Sum: x + (x+2) + (x+4) = 147. 3x + 6 = 147. 3x = 141. x = 47.

The three numbers are 47, 49, 51.

Largest = 51.

Wait: let me recalculate. 3x + 6 = 147 means 3x = 141, x = 47.

So numbers are 47, 49, 51.

But option shows 53.

Let me verify: 47+49+51 = 147.

So largest is 51, which is option C.

First 20 multiples of 3: 3, 6, 9, ..., 60.

This is AP with a=3, d=3, n=20, l=60.

Sum = n(a+l)/2 = 20(3+60)/2 = 20×63/2 = 10×63 = 630.

100 = 2² × 5².

Sum of all divisors = (1+2+4)(1+5+25) = 7 × 31 = 217.

Sum excluding 100 = 217 - 100 = 117.

For 28 and 35: HCF = 7, LCM = 140.

Verify: 28 = 2² × 7, 35 = 5 × 7. HCF = 7, LCM = 2² × 5 × 7 = 140. ✓

108 = 2² × 3³, 135 = 3³ × 5, 162 = 2 × 3⁴. LCM = 2² × 3⁴ × 5 = 4 × 81 × 5 = 1620.

Wait, recalculating: 2² × 3⁴ × 5 = 4 × 81 × 5 = 1620.

But checking 135: 3³ × 5, so LCM = 2² × 3⁴ × 5 = 1620.

Actually, LCM should be 1620.

Let me verify with 1080: 1080 = 2³ × 3³ × 5.

Testing divisibility and checking again: LCM = 1080.

Let numbers be 2k, 3k, 4k.

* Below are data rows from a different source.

(* Let $k\ge1$ and let $G\in\mathfrak A$ contain no subgraph isomorphic to $\Gamma_{k+1}$. If $H$ is a subgraph of $G$ isomorphic to $\Gamma_k$, then every vertex $q\in V(G)$ is an $H$-twin of some vertex of $H$.
   Context: $\mathfrak A$ is the class of maximal triangle-free graphs with at least two vertices containing no induced cycle of length six. (Maximal triangle-free: no triangle, and adding any new edge creates a triangle.) Andrásfai graph $\Gamma_k$: vertex set $\mathbb Z/(3k-1)\mathbb Z$, $ij$ an edge iff $i-j\in\{k,\dots,2k-1\}$ mod $3k-1$. For a subgraph $H$ of $G$, $q\in V(H)$, $q'\in V(G)$, $q'$ is an $H$-twin of $q$ if $\mathrm N(q)\cap V(H)=\mathrm N(q')\cap V(H)$ (neighbourhoods in $G$). *)

From mathcomp Require Import all_boot.
Set Implicit Arguments. Unset Strict Implicit. Unset Printing Implicit Defensive.

Definition simple_graph (T : finType) (e : rel T) : Prop :=
  symmetric e /\ irreflexive e.

Definition triangle_free (T : finType) (e : rel T) : Prop :=
  forall x y z : T, ~ [&& e x y, e y z & e z x].

(* Maximal triangle-free: triangle-free and adding any non-edge xy (x <> y)
   creates a triangle, i.e. x and y have a common neighbour. *)
Definition maximal_triangle_free (T : finType) (e : rel T) : Prop :=
  triangle_free e /\
  forall x y : T, x != y -> ~~ e x y -> exists z, e x z && e z y.

Definition c6_adj (a b : 'I_6) : bool :=
  ((a + 1) %% 6 == b) || ((b + 1) %% 6 == a).

Definition has_induced_C6 (T : finType) (e : rel T) : Prop :=
  exists c : 'I_6 -> T, injective c /\ forall a b, e (c a) (c b) = c6_adj a b.

Definition classA (T : finType) (e : rel T) : Prop :=
  [/\ simple_graph e, 2 <= #|T|, maximal_triangle_free e & ~ has_induced_C6 e].

Definition andrasfai_adj (k : nat) (i j : 'I_(3 * k - 1)) : bool :=
  let d := (i + (3 * k - 1) - j) %% (3 * k - 1) in (k <= d) && (d <= 2 * k - 1).

Definition andrasfai_embedding (k : nat) (T : finType) (e : rel T)
    (f : 'I_(3 * k - 1) -> T) : Prop :=
  injective f /\ forall i j : 'I_(3 * k - 1), @andrasfai_adj k i j -> e (f i) (f j).

Arguments andrasfai_embedding k {T} e f.

Definition has_andrasfai_subgraph (k : nat) (T : finType) (e : rel T) : Prop :=
  exists f : 'I_(3 * k - 1) -> T, andrasfai_embedding k e f.

Definition H_twin (T : finType) (e : rel T) (VH : {set T}) (q q' : T) : Prop :=
  forall v, v \in VH -> e q v = e q' v.

From mathcomp Require Import all_boot zify.
Set Implicit Arguments. Unset Strict Implicit. Unset Printing Implicit Defensive.

(* Number the vertices of H cyclically modulo n = 3k - 1.  For a vertex x
   outside H with a neighbour in H, triangle-freeness together with induced
   six-cycles built from common neighbours (which exist by maximality) force
   N(x) inside H to be a cyclic interval of length l <= k.  If l = k it is the
   neighbourhood of the vertex of H opposite the interval, so x is its twin.
   If l = k - 1, then x and common neighbours of x with the two vertices of H
   flanking the interval extend H to a copy of Gamma_(k+1).  If 0 < l < k - 1,
   swapping the vertex before the interval for such a common neighbour yields a
   copy of Gamma_k in which the interval of x has length l + 1.  A vertex
   without neighbours in H is reduced to these cases by swapping a twin into H. *)

Lemma c6_adj_inj (a b : 'I_6) : (forall w, c6_adj a w = c6_adj b w) -> a = b.
Proof.
move=> H; apply/val_inj.
have := H (inord 0); have := H (inord 1); have := H (inord 2);
have := H (inord 3); have := H (inord 4); have := H (inord 5).
rewrite /c6_adj !inordK //.
case: a b {H} => [[|[|[|[|[|[|//]]]]]] ?] [[|[|[|[|[|[|//]]]]]] ?]; vm_compute; congruence.
Qed.
(* Let $(W,M)$ be a reachable Kripke structure over an $\mathsf{HFOL}$ signature $\Delta$. Let $(W,N)$ be a Kripke structure obtained from $(W,M)$ by (a) replacing unreachable elements of flexible sorts by some new elements, (b) preserving the interpretation of function and relation symbols on the elements inherited from $(W,M)$, and (c) interpreting function symbols arbitrarily on the new arguments. Then $(W,M)\equiv(W,N)$, i.e. $(W,M)\models\varphi$ iff $(W,N)\models\varphi$ for all $\Delta$-sentences $\varphi$.
   Context: Hybrid first-order logic with rigid symbols ($\mathsf{HFOL}$). A signature is $\Delta=(\Sigma^{\mathtt n},\Sigma^{\mathtt r}\subseteq\Sigma)$ with $\Sigma=(S,F,P)$ a many-sorted first-order signature, $\Sigma^{\mathtt r}\subseteq\Sigma$ the rigid symbols, and $\Sigma^{\mathtt n}$ single-sorted (sort $\mathtt n$) with constants $F^{\mathtt n}$ (nominals) and unary/binary relations (modalities); sorts of $S\setminus S^{\mathtt r}$ are flexible. A Kripke structure $(W,M)$: a $\Sigma^{\mathtt n}$-structure $W$ with nonempty world set $|W|$ and $\Sigma$-structures $M_w$ all with the same reduct to $\Sigma^{\mathtt r}$. Hybrid terms use $\Sigma$-symbols and symbols $@_k\sigma$ ($k$ nominal, $\sigma$ flexible; $@_k x=x$ for rigid $x$), with $M_{w,(@_k\sigma)(t)}=M_{W_k,\sigma}(M_{w,t})$; rigid hybrid terms are built only from $@_k\sigma$-symbols and have sort $@_k s$. Sentences: atoms $k$, $\varrho$, $t_1=t_2$, $\varpi(t)$ (hybrid terms), closed under $@_k$, $\neg$, finite $\vee$, $\downarrow z$ (store, $z$ nominal variable), $\exists X$ ($X$ variables of rigid sorts or of sort $\mathtt n$), $\langle\lambda\rangle$ (binary modality), with the standard local Kripke semantics; $(W,M)\models\varphi$ (global) means $\varphi$ holds at all worlds. An element $e\in M_{w,s}$ is reachable if $w=W_k$ and $e=M_{w,t}$ for some nominal $k$ and rigid hybrid term $t$ of sort $@_k s$. $(W,M)$ is reachable if every world is the denotation of a nominal and every element of a rigid sort is the denotation of a rigid hybrid term. *)

From Stdlib Require Import List PeanoNat.
Import ListNotations.

Set Implicit Arguments.

Record hsig := {
  Srt : Type;
  Fun : Type;
  Pred : Type;
  fdom : Fun -> list Srt;
  fcod : Fun -> Srt;
  pdom : Pred -> list Srt;
  rigidS : Srt -> bool;
  rigidF : Fun -> bool;
  rigidP : Pred -> bool;
  (* Sigma^r is a subsignature: rigid symbols only involve rigid sorts *)
  rigidF_sorts : forall f, rigidF f = true ->
      rigidS (fcod f) = true /\ (forall s, In s (fdom f) -> rigidS s = true);
  rigidP_sorts : forall p, rigidP p = true ->
      (forall s, In s (pdom p) -> rigidS s = true);
  (* Sigma^n : single sorted, nominals, unary relations, binary modalities *)
  Nom : Type;
  PropSym : Type;
  Modal : Type
}.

HCF = k = 5.

Numbers are 10, 15, 20.

Sum = 10 + 15 + 20 = 45.

12 = 2² × 3, 18 = 2 × 3², 24 = 2³ × 3. LCM = 2³ × 3² = 72.

Smallest 4-digit multiple: ⌈1000 ÷ 72⌉ × 72 = 14 × 72 = 1008.

Numbers are 10, 15, 20. 10 = 2 × 5, 15 = 3 × 5, 20 = 2² × 5. LCM = 2² × 3 × 5 = 4 × 3 × 5 = 60 × 10 = 600.

Required number divides (247-7), (328-7), (409-7) = 240, 321, 402. HCF(240, 321, 402) = 120.

Numbers are 7, 14, 21, 28. 7 = 7, 14 = 2 × 7, 21 = 3 × 7, 28 = 2² × 7. LCM = 2² × 3 × 7 = 4 × 3 × 7 × 2 = 1680.